The major oil companies could see a monetary rebound, according to the energy consultancy.
“The scale of the financial reset has primed the sector for a recovery in free cash flow. At an average price of US$55/bbl.
we estimate free cash flow generation could top US$140 billion in 2021 – exceeding any previous year since 2006. If oil prices reach US$70/bbl., free cash flow would be double the previous peak,” Ellacott says.
Corporates Contributions to Averting the Oil Crisis
Attempts to restore financial stability increased amid the collapse in oil prices and weak oil demand in the past year.
The largest oil companies have been forced to cut thousands of jobs
- ” BP” cut 10,000 jobs or 15% of the workforce.
- “Shell” company cut nearly 9,000 jobs.
- “Exxon” cuts 14,000 jobs, including 1900 jobs only in the United States.
- “Big Oil” has also cut its CAPEX plans and continues to pledge to restrained spending.
Many companies also accelerated their portfolio ratings, selling companies and non-core assets,
such as the liquidation by “BP” of its global petrochemical business to “INEOS” for only $ 5 billion in recent days.
“ExxonMobil” also sold most of its unoccupied assets in the central
and the northern North Sea in the United Kingdom for more than $1 billion to the private equity fund “HitecVision“.

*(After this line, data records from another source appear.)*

(* Let $n\geq 1$. The map $\rho_i\mapsto x^iy^{-i}$ ($1\leq i\leq n$) extends to a group isomorphism from the group with generators $\rho_1,\dots,\rho_n$ and relations $\rho_1\rho_n\rho_i=\rho_{i+1}\rho_n$ ($1\leq i\leq n-1$) onto the group $G(n,n+1)=\langle x,y\mid x^n=y^{n+1}\rangle$.
   Context: $G(n,n+1)$ is the $(n,n+1)$-torus knot group, given by the displayed presentation. *)

(* Finitely presented groups encoded by words modulo
   the congruence generated by free reduction and the relators. *)
From Stdlib Require List.
From mathcomp Require Import all_boot.
Set Implicit Arguments. Unset Strict Implicit. Unset Printing Implicit Defensive.

(* A letter (s, b): the generator s if b = false, its inverse if b = true. *)
Definition word (S : Type) := seq (S * bool).

Definition inv_word (S : Type) (w : word S) : word S :=
  rev (map (fun l => (l.1, ~~ l.2)) w).

(* Equality in the group < S | R > (R a list of relators, each relator r
   meaning r = 1): the smallest equivalence relation on words which is
   closed under free reduction and deletion of relators in any position.
   This is exactly equality modulo the normal closure of R in the free group. *)
Inductive wequiv (S : Type) (R : seq (word S)) : word S -> word S -> Prop :=
| we_refl w : wequiv R w w
| we_sym w1 w2 : wequiv R w1 w2 -> wequiv R w2 w1
| we_trans w1 w2 w3 : wequiv R w1 w2 -> wequiv R w2 w3 -> wequiv R w1 w3
| we_free (u v : word S) (s : S) (b : bool) :
    wequiv R (u ++ [:: (s, b); (s, ~~ b)] ++ v) (u ++ v)
| we_rel (u v r : word S) : List.In r R -> wequiv R (u ++ r ++ v) (u ++ v).

(* Generator rho_(k+1) is represented by the ordinal k : 'I_n. *)
Definition ord_of (n : nat) (i0 : 'I_n) (k : nat) : 'I_n := insubd i0 k.

(* For i : 'I_n with i.+1 < n (i.e. 1 <= i+1 <= n-1), the relator of
   rho_1 rho_n rho_(i+1) = rho_(i+2) rho_n, namely
   rho_1 rho_n rho_(i+1) rho_n^-1 rho_(i+2)^-1. *)
Definition rho_relator (n : nat) (i : 'I_n) : word 'I_n :=
  let o := ord_of i in
  [:: (o 0, false); (o n.-1, false); (o i, false);
      (o n.-1, true); (o i.+1, true)].

Definition rho_rels (n : nat) : seq (word 'I_n) :=
  map (@rho_relator n) (filter (fun i : 'I_n => i.+1 < n) (enum 'I_n)).

Inductive xy := gen_x | gen_y.

Definition torus_rels (n : nat) : seq (word xy) :=
  [:: nseq n (gen_x, false) ++ nseq n.+1 (gen_y, true)].

Definition rho_img (n : nat) (i : 'I_n) : word xy :=
  nseq i.+1 (gen_x, false) ++ nseq i.+1 (gen_y, true).

Definition rho_letter (n : nat) (l : 'I_n * bool) : word xy :=
  if l.2 then inv_word (rho_img l.1) else rho_img l.1.

Definition rho_hom (n : nat) (w : word 'I_n) : word xy :=
  flatten (map (@rho_letter n) w).

(* Write xy_pow k for the word x^k y^-k.  In G(n, n+1) the defining relation
   reads xy_pow n = y, so rho_n |-> y and rho_1 rho_n |-> x y^-1 y = x.  This
   suggests the inverse map psi : x |-> rho_1 rho_n, y |-> rho_n, and the
   relations of P_n say exactly that psi(xy_pow (k+1)) = rho_(k+1), by
   induction on k. *)
From Stdlib Require Import Setoid Morphisms.
From mathcomp Require Import all_boot.
Set Implicit Arguments.
Unset Strict Implicit.
Unset Printing Implicit Defensive.

Lemma inP (T : eqType) (x : T) (s : seq T) : List.In x s <-> x \in s.
Proof.
elim: s => [|y s IH] //=; rewrite in_cons.
split=> [[->|/IH->]|/orP[/eqP->|/IH]]; rewrite ?eqxx ?orbT; auto.
Qed.

#[local] Hint Resolve we_refl : core.

Lemma nseqSr (T : Type) (k : nat) (a : T) : nseq k.+1 a = nseq k a ++ [:: a].
Proof. by elim: k => //= k <-. Qed.

Section WordCalculus.
Variables (S : Type) (R : seq (word S)).

Lemma wequiv_catl (c a b : word S) : wequiv R a b -> wequiv R (c ++ a) (c ++ b).
Proof.
elim=> [w|w1 w2 _ IH|w1 w2 w3 _ IH1 _ IH2|u v s t|u v r Hr].
- exact: we_refl.
- exact: we_sym.
- exact: we_trans IH1 IH2.
- by rewrite !catA -(catA _ _ v); apply: we_free.
- by rewrite !catA -(catA _ _ v); apply: we_rel.
Qed.

Lemma wequiv_catr (c a b : word S) : wequiv R a b -> wequiv R (a ++ c) (b ++ c).
Proof.
elim=> [w|w1 w2 _ IH|w1 w2 w3 _ IH1 _ IH2|u v s t|u v r Hr].
- exact: we_refl.
- exact: we_sym.
- exact: we_trans IH1 IH2.
- by rewrite -!catA; apply: we_free.
- by rewrite -!catA; apply: we_rel.
Qed.

Global Instance wequiv_Equivalence : Equivalence (wequiv R).
Proof. by split; [exact: we_refl | exact: we_sym | exact: we_trans]. Qed.

Global Instance cat_wequiv_Proper :
  Proper (wequiv R ==> wequiv R ==> wequiv R) (@cat (S * bool)).
Proof. by move=> a b Hab c d Hcd; apply: we_trans (wequiv_catr c Hab) (wequiv_catl b Hcd). Qed.

Lemma wequiv_free (u v : word S) (s : S) (b : bool) :
  wequiv R (u ++ (s, b) :: (s, ~~ b) :: v) (u ++ v).
Proof. exact: we_free. Qed.

Lemma wequiv_rel0 (r : word S) : List.In r R -> wequiv R r [::].
Proof. by move=> Hr; have := we_rel [::] [::] Hr; rewrite /= cats0. Qed.

Lemma inv_word_cat (a b : word S) : inv_word (a ++ b) = inv_word b ++ inv_word a.
Proof. by rewrite /inv_word map_cat rev_cat. Qed.

Lemma inv_wordK (a : word S) : inv_word (inv_word a) = a.
Proof.
rewrite /inv_word map_rev revK -map_comp -[RHS]map_id.
by apply: eq_map => -[s b] /=; rewrite negbK.
Qed.

Lemma wequiv_cancel (w : word S) : wequiv R (w ++ inv_word w) [::].
Proof.
elim: w => [|[s b] w IH]; first reflexivity.
rewrite -cat1s inv_word_cat -catA (catA w) IH /=.
exact: (wequiv_free [::] [::]).
Qed.

Lemma wequiv_cancel' (w : word S) : wequiv R (inv_word w ++ w) [::].
Proof. by have := wequiv_cancel (inv_word w); rewrite inv_wordK. Qed.

Global Instance inv_word_Proper : Proper (wequiv R ==> wequiv R) (@inv_word S).
Proof.
move=> a b Hab.
transitivity (inv_word a ++ (b ++ inv_word b)); first by rewrite wequiv_cancel cats0.
by rewrite -(wequiv_catl _ (wequiv_catr (inv_word b) Hab)) catA wequiv_cancel'.
Qed.

End WordCalculus.

Section WordMaps.
Variables (S T : Type).

Definition letter_map (g : S -> word T) (l : S * bool) : word T :=
  if l.2 then inv_word (g l.1) else g l.1.

Lemma letter_map_gen (g : S -> word T) (s : S) : letter_map g (s, false) = g s.
Proof. by []. Qed.

Lemma letter_map_inv (g : S -> word T) (s : S) :
  letter_map g (s, true) = inv_word (g s).
Proof. by []. Qed.

Lemma letter_map_flip (g : S -> word T) (s : S) (b : bool) :
  letter_map g (s, ~~ b) = inv_word (letter_map g (s, b)).
Proof. by case: b; rewrite /letter_map /= ?inv_wordK. Qed.

Definition homw (f : S * bool -> word T) (w : word S) : word T := flatten (map f w).

Lemma homw_cat (f : S * bool -> word T) (a b : word S) :
  homw f (a ++ b) = homw f a ++ homw f b.
Proof. by rewrite /homw map_cat flatten_cat. Qed.

Lemma homw_nil (f : S * bool -> word T) : homw f [::] = [::].
Proof. by []. Qed.

Lemma homw_cons (f : S * bool -> word T) (l : S * bool) (w : word S) :
  homw f (l :: w) = f l ++ homw f w.
Proof. by []. Qed.

Lemma homw_inv (g : S -> word T) (w : word S) :
  homw (letter_map g) (inv_word w) = inv_word (homw (letter_map g) w).
Proof.
elim: w => [|[s b] w IH] //.
rewrite -cat1s (inv_word_cat [:: _]) !homw_cat IH inv_word_cat; congr (_ ++ _).
by rewrite /homw /= !cats0 letter_map_flip.
Qed.

Variables (R : seq (word S)) (R' : seq (word T)).

Lemma homw_wequiv (g : S -> word T) :
  (forall r, List.In r R -> wequiv R' (homw (letter_map g) r) [::]) ->
  forall a b, wequiv R a b -> wequiv R' (homw (letter_map g) a) (homw (letter_map g) b).
Proof.
move=> Hrel a b; elim=> [w|w1 w2 _ IH|w1 w2 w3 _ IH1 _ IH2|u v s c|u v r Hr].
- reflexivity.
- by symmetry.
- exact: we_trans IH1 IH2.
- by rewrite !homw_cat !homw_cons letter_map_flip (catA (letter_map g (s, c)))
     wequiv_cancel.
- by rewrite !homw_cat (Hrel _ Hr).
Qed.

End WordMaps.

Section WordMapInverse.
Variables (S T : Type) (R : seq (word S)).

Lemma homw_comp_id (f : S -> word T) (g : T -> word S) :
  (forall s, wequiv R (homw (letter_map g) (f s)) [:: (s, false)]) ->
  forall w, wequiv R (homw (letter_map g) (homw (letter_map f) w)) w.
Proof.
move=> Hgen; elim=> [|[s b] w IH]; first reflexivity.
rewrite homw_cons homw_cat IH -cat1s; apply: wequiv_catr.
by case: b; rewrite ?letter_map_gen ?letter_map_inv ?homw_inv Hgen.
Qed.

End WordMapInverse.

Local Notation X := (gen_x, false).
Local Notation Y := (gen_y, false).
Local Notation Yinv := (gen_y, true).

Definition xy_pow (k : nat) : word xy := nseq k X ++ nseq k Yinv.

Lemma xy_powS (k : nat) : xy_pow k.+1 = X :: xy_pow k ++ [:: Yinv].
Proof. by rewrite /xy_pow (nseqSr k Yinv) catA. Qed.

Section RhoPsi.
Variable m : nat.
Local Notation n := m.+1.

(* The generator rho_(k+1) of P_n, and the relator
   rho_1 rho_n rho_(k+1) rho_n^-1 rho_(k+2)^-1. *)
Definition rho (k : nat) : 'I_n * bool := (inord k, false).

Definition rho_rel (k : nat) : word 'I_n :=
  [:: rho 0; rho m; rho k; (inord m, true); (inord k.+1, true)].

Lemma ord_ofE (i0 : 'I_n) (k : nat) : k < n -> ord_of i0 k = inord k.
Proof. by move=> hk; apply: val_inj; rewrite /ord_of /inord !val_insubd hk. Qed.

Lemma rho_rels_memE (r : word 'I_n) :
  List.In r (rho_rels n) <-> exists2 k, k < m & r = rho_rel k.
Proof.
rewrite inP; split.
- case/mapP=> i; rewrite mem_filter => /andP[hi _] ->.
  by exists (val i) => //; rewrite /rho_relator /rho_rel /rho /= !ord_ofE.
- case=> k hk ->; have hk' : k < n := ltnW hk.
  apply/mapP; exists (inord k); first by rewrite mem_filter mem_enum inordK // ltnS hk.
  by rewrite /rho_relator /rho_rel /rho /= !ord_ofE ?inordK.
Qed.

Lemma torus_relE : torus_rels n = [:: xy_pow n ++ [:: Yinv]].
Proof. by rewrite /torus_rels /xy_pow (nseqSr n Yinv) catA. Qed.

Lemma xy_pow_n : wequiv (torus_rels n) (xy_pow n) [:: Y].
Proof.
transitivity (xy_pow n ++ [:: Yinv; Y]).
  by symmetry; have := wequiv_free (torus_rels n) (xy_pow n) [::] gen_y true; rewrite cats0.
have rel_in : List.In (xy_pow n ++ [:: Yinv]) (torus_rels n) by rewrite torus_relE; left.
by rewrite -[[:: Yinv; Y]]/([:: Yinv] ++ [:: Y]) catA (wequiv_rel0 rel_in).
Qed.

Lemma rho_homE (w : word 'I_n) : rho_hom w = homw (letter_map (@rho_img n)) w.
Proof. by []. Qed.

Lemma rho_imgE (i : 'I_n) : rho_img i = xy_pow i.+1.
Proof. by []. Qed.

Lemma rho_img_inord (k : nat) : k < n -> rho_img (inord k : 'I_n) = xy_pow k.+1.
Proof. by move=> hk; rewrite rho_imgE inordK. Qed.

(* rho kills the relators: modulo x^n y^-n = y, the image of the relator is
   x y^-1 . y . x^(k+1) y^-(k+1) . y^-1 . (x^(k+2) y^-(k+2))^-1 = 1. *)
Lemma rho_kills_rels (r : word 'I_n) :
  List.In r (rho_rels n) -> wequiv (torus_rels n) (homw (letter_map (@rho_img n)) r) [::].
Proof.
case/rho_rels_memE=> k hk ->.
rewrite /rho_rel /rho !homw_cons homw_nil cats0 !letter_map_gen !letter_map_inv.
rewrite !rho_img_inord ?ltnS ?(ltnW hk) // xy_pow_n.
rewrite -[xy_pow 1 ++ _]/([:: X] ++ (gen_y, true) :: (gen_y, ~~ true) :: _) wequiv_free.
by rewrite (catA (xy_pow k.+1)) catA cat1s -(xy_powS k.+1) wequiv_cancel.
Qed.

Definition psi_gen (s : xy) : word 'I_n :=
  if s is gen_x then [:: rho 0; rho m] else [:: rho m].

Lemma psi_xy_pow (k : nat) : k <= m ->
  wequiv (rho_rels n) (homw (letter_map psi_gen) (xy_pow k.+1)) [:: rho k].
Proof.
elim: k => [_|k IH hk].
  exact: (wequiv_free _ [:: rho 0] [::] (inord m)).
rewrite xy_powS homw_cons homw_cat IH ?(ltnW hk) // homw_cons homw_nil cats0.
transitivity (rho_rel k ++ [:: rho k.+1]).
  symmetry; have := wequiv_free (rho_rels n)
    [:: rho 0; rho m; rho k; (inord m, true)] [::] (inord k.+1) true.
  by rewrite cats0.
have rel_in : List.In (rho_rel k) (rho_rels n) by apply/rho_rels_memE; exists k.
by rewrite (wequiv_rel0 rel_in).
Qed.

Lemma psi_kills_rels (r : word xy) :
  List.In r (torus_rels n) -> wequiv (rho_rels n) (homw (letter_map psi_gen) r) [::].
Proof.
rewrite torus_relE => -[<-|//].
rewrite homw_cat psi_xy_pow // homw_cons homw_nil.
exact: (wequiv_free _ [::] [::] (inord m) false).
Qed.

Lemma psi_rho (w : word 'I_n) :
  wequiv (rho_rels n) (homw (letter_map psi_gen) (rho_hom w)) w.
Proof.
rewrite rho_homE; apply: homw_comp_id => i.
by rewrite rho_imgE psi_xy_pow /rho ?inord_val // -ltnS.
Qed.

Lemma rho_psi (v : word xy) :
  wequiv (torus_rels n) (rho_hom (homw (letter_map psi_gen) v)) v.
Proof.
rewrite rho_homE; apply: homw_comp_id => -[]; rewrite /psi_gen /rho !homw_cons homw_nil cats0.
- rewrite !letter_map_gen !rho_img_inord // xy_pow_n.
  exact: (wequiv_free _ [:: X] [::] gen_y true).
- by rewrite letter_map_gen rho_img_inord // xy_pow_n.
Qed.

End RhoPsi.

(* rho descends to the quotient (it kills the relators), it is injective since
   psi o rho = id, and surjective since rho o psi = id. *)
Theorem proposition4p2 (n : nat) (hn : 1 <= n) :
  (forall w w' : word 'I_n,
      wequiv (rho_rels n) w w' ->
      wequiv (torus_rels n) (rho_hom w) (rho_hom w')) /\
  (forall w w' : word 'I_n,
      wequiv (torus_rels n) (rho_hom w) (rho_hom w') ->
      wequiv (rho_rels n) w w') /\
  (forall v : word xy, exists w : word 'I_n,
      wequiv (torus_rels n) (rho_hom w) v).
Proof.
case: n hn => // m _; split; [|split].
- move=> w w'; rewrite !rho_homE; exact: homw_wequiv (@rho_kills_rels m) w w'.
- move=> w w'; rewrite !rho_homE.
  move=> /(homw_wequiv (@psi_kills_rels m)) Hpsi.
  by rewrite -(psi_rho w) -(psi_rho w').
- by move=> v; exists (homw (letter_map (@psi_gen m)) v); exact: rho_psi.
Qed.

Sales of non-core assets were expected to accelerate as companies
would look to focus their operations on the areas they identified as a factor to increase their cash flow
and investment-generating returns.
These sales are expected to contribute to reducing the debt accumulated over the past year.
If the expected record cash flow is achieved in the coming period,
it will help companies to use the surplus cash to get rid of accumulated debt and allocate
more capital to renewable energy sources and other low-carbon energy companies.